-- Task input follows --
(* Let $G$ be a $B_2$-EPG graph given with a representation, let $a$ be a row, and let $X$ be a nonempty clique of $G$ consisting only of U-vertices, all with index $\{a\}$. Then there is a set $S_t$ of at most three typed intervals such that: (1) $S_t$ contains exactly one horizontal typed interval (on row $a$) and at most two vertical typed intervals; (2) every vertex of $X$ contains every typed interval of $S_t$; (3) a Z-vertex $u$ is adjacent to every vertex of $X$ if and only if $u$ intersects at least one of the typed intervals of $S_t$.
   Context: A graph $G$ is a $B_k$-EPG graph if each vertex $u$ can be assigned a path $P_u$ in the planar orthogonal grid with at most $k$ bends such that $uv\in E(G)$ iff $P_u$ and $P_v$ share at least one grid edge (a representation); for $B_2$-EPG graphs one assumes w.l.o.g. every path has exactly two bends. A vertex $u$ intersects a row (column) if $P_u$ contains a grid edge of it; the index of $u$ is the set of rows it intersects. A Z-vertex intersects exactly two rows and one column; a U-vertex intersects exactly one row and two columns. If $a$ is in the index of $u$, $P_u^a$ is the segment of row $a$ between the two points of row $a$ where $P_u$ stops or bends. Types: $\emptyset$, $\mathsf d$, $\mathsf u$. A typed interval on row $a$ is $[x\alpha, y\beta]$ with $\alpha\le\beta$ points of row $a$ and $x,y$ types. For typed intervals $t=[x\alpha,y\beta]$, $t'=[x'\alpha',y'\beta']$ on row $a$ and an endpoint $z\gamma\in\{x'\alpha',y'\beta'\}$ of $t'$, $t$ is coherent with $z\gamma$ if (i) $\gamma\in(\alpha,\beta)$ (open interval), or (ii) $z=\emptyset$ and $[\alpha,\beta]$ contains the grid edge of $[\alpha',\beta']$ incident to $\gamma$, or (iii) $z\neq\emptyset$ and $z\gamma\in\{x\alpha,y\beta\}$. $t$ contains $t'$ if $[\alpha',\beta']\subseteq[\alpha,\beta]$ and $t$ is coherent with both endpoints of $t'$. $t$ intersects $t'$ if $[\alpha,\beta]\cap[\alpha',\beta']$ contains a grid edge, or $t$ is coherent with an endpoint of $t'$, or $t'$ is coherent with an endpoint of $t$. The t-projection of $u$ on $a$ is $[x\alpha,y\beta]$ where $\alpha,\beta$ are the endpoints of $P_u^a$ and the type of an endpoint $\gamma$ is $\emptyset$ if $P_u$ ends at $\gamma$, $\mathsf d$ if $P_u$ bends downwards at $\gamma$, $\mathsf u$ if upwards. A vertex $u$ contains (intersects) a typed interval $t$ on row $a$ if $a$ is in the index of $u$ and its t-projection on $a$ contains (intersects) $t$. Typed intervals on rows are called horizontal typed intervals. Vertical typed intervals (on a column), the t-projection of a vertex on a column it intersects, and containment/intersection of vertical typed intervals by vertices are defined identically after rotating the grid by $90^\circ$ (columns becoming rows). *)

From HB Require Import structures.
From mathcomp Require Import all_boot all_order all_algebra.
Set Implicit Arguments. Unset Strict Implicit. Unset Printing Implicit Defensive.
Import Order.TTheory GRing.Theory Num.Theory.
Local Open Scope ring_scope.

(* A grid point (x, y): x = column, y = row (y grows upwards). *)
Definition point := (int * int)%type.

Inductive orient := Hor | Ver.
Definition is_hor (o : orient) : bool := if o is Hor then true else false.
Definition is_ver (o : orient) : bool := if o is Ver then true else false.

Definition line (o : orient) (p : point) : int :=
  match o with Hor => p.2 | Ver => p.1 end.
Definition pos (o : orient) (p : point) : int :=
  match o with Hor => p.1 | Ver => p.2 end.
-- Task input concluded --
• **Problem statement**
The records are given above. Copy each line in them that holds "orient".

• **Task answer**
Inductive orient := Hor | Ver.
Definition is_hor (o : orient) : bool := if o is Hor then true else false.
Definition is_ver (o : orient) : bool := if o is Ver then true else false.
Definition line (o : orient) (p : point) : int :=
Definition pos (o : orient) (p : point) : int :=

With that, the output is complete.